• **YOUR GOAL**: Report, as a single number, how many lines of the records contain the word "lnXn".

╔══

Lemma ln_cube_mass (m dl : R) : 0 < m -> 0 < dl ->
  ln ((m / 4) `^ lam * (dl / D) ^+ d) = lam * (ln m - ln 4) + D * (ln dl - ln D).
Proof.
move=> m0 dl0; have D0 : 0 < D by rewrite ltr0n.
rewrite lnM ?posrE ?powR_gt0 ?exprn_gt0 ?divr_gt0 // ln_powR lnXn ?divr_gt0 //.
by rewrite !ln_div ?posrE // -[_ *+ d]mulr_natl.
Qed.

Lemma ln_width_bound (Rad rho : R) : 0 <= c0 -> 1 <= Rad -> 0 < rho ->
  rho < (c0 * Rad ^+ d.-1) `^ (gam + D - 1)^-1 ->
  (gam + D - 1) * ln rho < ln c0 + (D - 1) * ln Rad.
Proof.
move=> c0_ge0 Rad1 rho0 hrho; have D1 := D_ge1; have /andP[gam0 _] := gam01.
have Rad0 : 0 < Rad by lra.
have p_gt0 : 0 < (gam + D - 1)^-1 by rewrite invr_gt0; lra.
have c0_gt0 : 0 < c0.
  rewrite lt_def c0_ge0 andbT; apply: contraTneq hrho => ->.
  by rewrite mul0r powR0 ?gt_eqF // -leNgt ltW.
have cR : 0 < c0 * Rad ^+ d.-1 by rewrite mulr_gt0 ?exprn_gt0.
have : ln rho < ln ((c0 * Rad ^+ d.-1) `^ (gam + D - 1)^-1).
  by rewrite ltr_ln ?posrE ?powR_gt0.
rewrite ln_powR lnM ?posrE ?exprn_gt0 // lnXn //.
have -> : D - 1 = (d.-1)%:R by rewrite /D -subn1 natrB.
by rewrite mulr_natl ltr_pdivlMl; lra.
Qed.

╚══

• **RESPONSE TO THE EXERCISE**: 2